(* Let $\Gamma$ be a connected signed graph with $n$ vertices and $m$ edges, and let $\mu_1\ge\mu_2\ge\cdots\ge\mu_n\ge 0$ be the eigenvalues of its Laplacian matrix $L(\Gamma)$ (with multiplicity). Let $p$ be a positive integer. Then the spectrum of the adjacency matrix of $S_p(\Gamma)$, as a multiset, is: if $\Gamma$ is balanced (in which case $\mu_n=0$): $0$ with multiplicity $pm-n+2$, together with $\pm\sqrt{p\mu_i}$ for $i=1,\dots,n-1$; if $\Gamma$ is unbalanced: $0$ with multiplicity $pm-n$, together with $\pm\sqrt{p\mu_i}$ for $i=1,\dots,n$.
   Context: A signed graph $\Gamma=(G,\sigma)$ is a simple graph $G$ with a sign function $\sigma:E(G)\to\{1,-1\}$; its adjacency matrix $A(\Gamma)$ has $(i,j)$ entry $\sigma(v_iv_j)$ if $v_iv_j\in E(G)$ and $0$ otherwise, and its Laplacian matrix is $L(\Gamma)=D(G)-A(\Gamma)$ with $D(G)$ the diagonal degree matrix. $\Gamma$ is balanced if every cycle has an even number of negative edges, unbalanced otherwise. The spectrum of a signed graph means the spectrum of its adjacency matrix. Orientation: for $\Gamma$ with vertices $v_1,\dots,v_n$ and edges $e_1,\dots,e_m$, fix a function $\vartheta$ assigning to each pair $(v,e)$ with $v$ an end of $e$ a value $\vartheta(v,e)\in\{1,-1\}$, such that for every edge $e=vw$, $\vartheta(v,e)\vartheta(w,e)=-\sigma(e)$. The signed graph $S_p(\Gamma)$ ($p$ a positive integer): its vertex set is $V(G)\cup\{e_j^{(t)}:1\le j\le m,\ 1\le t\le p\}$; its edges are exactly the pairs $v\,e_j^{(t)}$ with $v$ an end of $e_j$ in $G$, with sign $\vartheta(v,e_j)$ (the edges of $G$ are not kept). It has $n+pm$ vertices and $2pm$ edges; $S_1(\Gamma)=S(\Gamma)$ is the signed subdivision graph. *)

From HB Require Import structures.
From mathcomp Require Import all_boot all_order all_algebra.
Set Implicit Arguments. Unset Strict Implicit. Unset Printing Implicit Defensive.
Import Order.TTheory GRing.Theory Num.Theory.
Local Open Scope ring_scope.
Lemma T_scal_family_coef : exists c : Cplx -> Cplx -> Cplx,
  has_Rlinear_increments c /\ c C0 C0 = C0 /\
  forall A B, proj1_sig (T (scal_family X E f u A B)) y = vscal (c A B) u.
Proof.
  assert (Hcoef : forall A B, exists c,
             proj1_sig (T (scal_family X E f u A B)) y = vscal c u).
  { intros A B; destruct (T_in_range (scal_family X E f u A B) y) as [x Hx].
    exists (Rlinear_map A B (proj1_sig f x)); exact Hx. }
  set (c := fun A B => proj1_sig (constructive_indefinite_description _ (Hcoef A B))).
  assert (Hc : forall A B, proj1_sig (T (scal_family X E f u A B)) y = vscal (c A B) u)
    by (intros A B; exact (proj2_sig (constructive_indefinite_description _ (Hcoef A B)))).
  exists c; repeat split; [| |exact Hc].
  - intros A B A' B'.
    destruct (T_sub_in_range (scal_family X E f u A B) (scal_family X E f u A' B') y)
      as [x Hx].
    rewrite !Hc in Hx; simpl in Hx; rewrite !vsub_scal in Hx.
    exists (proj1_sig f x); rewrite <- Rlinear_map_subl.
    symmetry; exact (vscal_inj E u _ _ hu Hx).
  - apply (vscal_inj E u _ _ hu); rewrite <- Hc, vscal_C0; apply hT0.
    intro x; simpl; rewrite Rlinear_map_00; apply vscal_C0.
Qed.

Lemma T_scal_dependent (l : Cplx) : v <> vzero -> v = vscal l u ->
  exists c, proj1_sig (T Fu) y = vscal c u /\ proj1_sig (T Fv) y = vscal c v.
Proof.
  intros hv Hl.
  assert (Hl0 : l <> C0) by (intro H0; apply hv; rewrite Hl, H0; apply vscal_C0).
  destruct T_scal_family_coef as [c [Hinc [Hc00 Hc]]].
  exists (c C1 Ci); split.
  - rewrite (T_ext Fu (scal_family X E f u C1 Ci)), Hc; [reflexivity|].
    intro x; simpl; rewrite Rlinear_map_1i; apply hFu.
  - rewrite (T_ext Fv (scal_family X E f u l (Cmul Ci l))), Hc.
    + rewrite Rlinear_increments_homogeneous, Hl, vscal_assoc by assumption.
      reflexivity.
    + intro x; simpl; rewrite Rlinear_map_mul, hFv, Hl, vscal_assoc; reflexivity.
Qed.

End ScalarMultiples.

End RangeShrinking.

Theorem lemma4p5
  (X Y : TopSpace) (E : LCS)
  (hXc : top_compact X) (hXh : top_hausdorff X) (hXne : inhabited X)
  (hYc : top_compact Y) (hYh : top_hausdorff Y) (hYne : inhabited Y)
  (hE : exists e : E, e <> vzero)
  (T : CXE X E -> CXE Y E)
  (hRan : forall F G : CXE X E,
      subset (Ran (fun y => vsub (proj1_sig (T F) y) (proj1_sig (T G) y)))
             (Ran (fun x => vsub (proj1_sig F x) (proj1_sig G x))))
  (hT0 : forall Z : CXE X E, (forall x, proj1_sig Z x = vzero) ->
           forall y, proj1_sig (T Z) y = vzero) :
  forall (u v : E), u <> vzero -> v <> vzero ->
  forall (f : CX X) (Fu Fv : CXE X E),
    (forall x, proj1_sig Fu x = vscal (proj1_sig f x) u) ->
    (forall x, proj1_sig Fv x = vscal (proj1_sig f x) v) ->
    exists g : Y -> Cplx,
      forall y, proj1_sig (T Fu) y = vscal (g y) u /\
                proj1_sig (T Fv) y = vscal (g y) v.
Proof.
  intros u v hu hv f Fu Fv hFu hFv.
  assert (Hpt : forall y, exists c,
             proj1_sig (T Fu) y = vscal c u /\ proj1_sig (T Fv) y = vscal c v).
  { intro y; destruct (classic (exists l, v = vscal l u)) as [[l Hl]|Hind].
    - exact (T_scal_dependent X Y E T hRan hT0 f u v Fu Fv y hu hFu hFv l hv Hl).
    - apply (T_scal_independent X Y E T hRan hT0 f u v Fu Fv y hu hFu hFv).
      intros l Hl; apply Hind; exists l; exact Hl. }
  exists (fun y => proj1_sig (constructive_indefinite_description _ (Hpt y))).
  intro y; exact (proj2_sig (constructive_indefinite_description _ (Hpt y))).
Qed.
Lemma all_even_ancestors_step (P : pred T) c : c != v0 -> ~~ odd (d c) ->
  all_even_ancestors P c = all_even_ancestors P (p (p c)) && P c.
Proof.
move=> Hc He; have Hpc : p c != v0.
  by apply: odd_neq_v0; move: He; rewrite odd_dist_child // negbK.
apply/all_even_ancestorsP/andP => [H|[/all_even_ancestorsP H1 H2] x].
  split; last exact: H c (ancestor_refl c) He Hc.
  apply/all_even_ancestorsP => x Hx; apply: H.
  exact/ancestor_parentr/ancestor_parentr.
rewrite ancestorE // ancestorE // => /or3P[/eqP->//|/eqP->|Hx] Hxe; last exact: H1.
by move: Hxe; rewrite -(odd_dist_child Hc) (negbTE He).
Qed.

Definition down_set v := [set M in good_free | down_path M v].
Definition up_set v := [set M in good | up_path M v && ~~ saturates M v].

Definition path_edges v := [set q : T * T |
  (anc q.1 v && (q.1 != v0) && (q.2 == p q.1)) ||
  (anc q.2 v && (q.2 != v0) && (q.1 == p q.2))].
Definition flip_path v (M : {set T * T}) := (M :\: path_edges v) :|: (path_edges v :\: M).

Lemma in_flip_path v M q : (q \in flip_path v M) = (q \in M) (+) (q \in path_edges v).
Proof. by rewrite !in_setU !in_setD; case: (q \in M); case: (q \in path_edges v). Qed.

Lemma flip_pathK v : involutive (flip_path v).
Proof. by move=> M; apply/setP => q; rewrite !in_flip_path -addbA addbb addbF. Qed.

Lemma in_path_edges v y a : ((y, a) \in path_edges v) =
  (anc y v && (y != v0) && (a == p y)) || (anc a v && (a != v0) && (y == p a)).
Proof. by rewrite in_set. Qed.

Lemma path_edges_sym v y a : ((y, a) \in path_edges v) = ((a, y) \in path_edges v).
Proof. by rewrite !in_path_edges orbC. Qed.

Lemma path_edges_anc v y a : (y, a) \in path_edges v -> anc y v.
Proof.
rewrite in_path_edges => /orP[/andP[/andP[->//]]|/andP[/andP[Ha _] /eqP ->]].
exact: ancestor_trans (ancestor_parent_self a) Ha.
Qed.

Lemma path_edges_edge v y a : (y, a) \in path_edges v -> e y a.
Proof.
rewrite in_path_edges => /orP[] /andP[/andP[_ H0] /eqP ->]; first exact: edge_parent.
by rewrite e_sym; apply: edge_parent.
Qed.

Lemma path_edges_parent v x : anc x v -> x != v0 -> (x, p x) \in path_edges v.
Proof. by move=> H1 H2; rewrite in_path_edges H1 H2 eqxx. Qed.

Section Flip.
Variables (v : T) (M : {set T * T}) (b : bool).
Hypothesis matchingM : is_matching e M.
Hypothesis M_path : forall x, anc x v -> x != v0 -> ((x, p x) \in M) = (odd (d x) == b).
Hypothesis M_local : forall y a, anc y v -> (y, a) \in M -> (y, a) \in path_edges v.

Lemma path_edges_notin y a : (y, a) \in path_edges v -> (y, a) \notin M ->
  (anc y v && (y != v0) && (a == p y) && (odd (d y) != b)) ||
  (anc a v && (a != v0) && (y == p a) && (odd (d a) != b)).
Proof.
rewrite in_path_edges => /orP[] /andP[/andP[H1 H2] /eqP H3] HnM.
  by rewrite H1 H2 H3 eqxx /= -(M_path H1 H2) -H3 HnM.
apply/orP; right; rewrite H1 H2 H3 eqxx /= -(M_path H1 H2).
by apply: contra HnM => Hin; rewrite H3 (matching_sym matchingM Hin).
Qed.

Lemma flip_path_matching : is_matching e (flip_path v M).
Proof.
apply/is_matchingP; split.
- move=> x y; rewrite in_flip_path; case Hx: ((x, y) \in M) => /=.
    by move=> _; apply: matching_edge Hx.
  exact: path_edges_edge.
- move=> x y; rewrite !in_flip_path path_edges_sym.
  case Hx: ((x, y) \in M); first by rewrite (matching_sym matchingM Hx).
  by case Hy: ((y, x) \in M) => //; rewrite (matching_sym matchingM Hy) in Hx.
- move=> y a c; rewrite !in_flip_path.
  case Ha: ((y, a) \in M); case Hc: ((y, c) \in M) => //=.
  + by move=> _ _; exact: (matching_uniq matchingM Ha Hc).
  + by move=> Hna HPc; move: Hna; rewrite (M_local (path_edges_anc HPc) Ha).
  + by move=> HPa Hnc; move: Hnc; rewrite (M_local (path_edges_anc HPa) Hc).
  + move=> /path_edges_notin /(_ (negbT Ha)) Ea /path_edges_notin /(_ (negbT Hc)).
    case/orP: Ea => /andP[/andP[/andP[Ha1 Ha2] /eqP Ha3] Ha4];
      case/orP => /andP[/andP[/andP[Hc1 Hc2] /eqP Hc3] Hc4].
    * by rewrite Ha3 Hc3.
    * by move: Ha4 Hc4; rewrite Hc3 (odd_dist_child Hc2); case: (odd (d (p c))); case: b.
    * by move: Ha4 Hc4; rewrite Ha3 (odd_dist_child Ha2); case: (odd (d (p a))); case: b.
    * by apply: ancestor_eq Ha1 Hc1 _; rewrite (dist_parentS Ha2) (dist_parentS Hc2) -Ha3 -Hc3.
Qed.

Lemma flip_path_off y : ~~ anc y v -> saturates M y -> saturates (flip_path v M) y.
Proof.
move=> Hy /saturatesP[a Ha]; apply/saturatesP; exists a; rewrite in_flip_path Ha.
by case HP: (_ \in path_edges v) => //; rewrite (path_edges_anc HP) in Hy.
Qed.

Lemma flip_path_parent x : anc x v -> x != v0 ->
  ((x, p x) \in flip_path v M) = (odd (d x) != b).
Proof. by move=> H1 H2; rewrite in_flip_path (path_edges_parent H1 H2) addbT M_path. Qed.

## EXERCISE PROMPT
In the listing above, locate the line containing "move=> Hc He; have Hpc : p c != v0." and the line containing "exact/ancestor_parentr/ancestor_parentr.". Transcribe those two lines and everything between them, exactly as written.

## EXERCISE OUTPUT
move=> Hc He; have Hpc : p c != v0.
  by apply: odd_neq_v0; move: He; rewrite odd_dist_child // negbK.
apply/all_even_ancestorsP/andP => [H|[/all_even_ancestorsP H1 H2] x].
  split; last exact: H c (ancestor_refl c) He Hc.
  apply/all_even_ancestorsP => x Hx; apply: H.
  exact/ancestor_parentr/ancestor_parentr.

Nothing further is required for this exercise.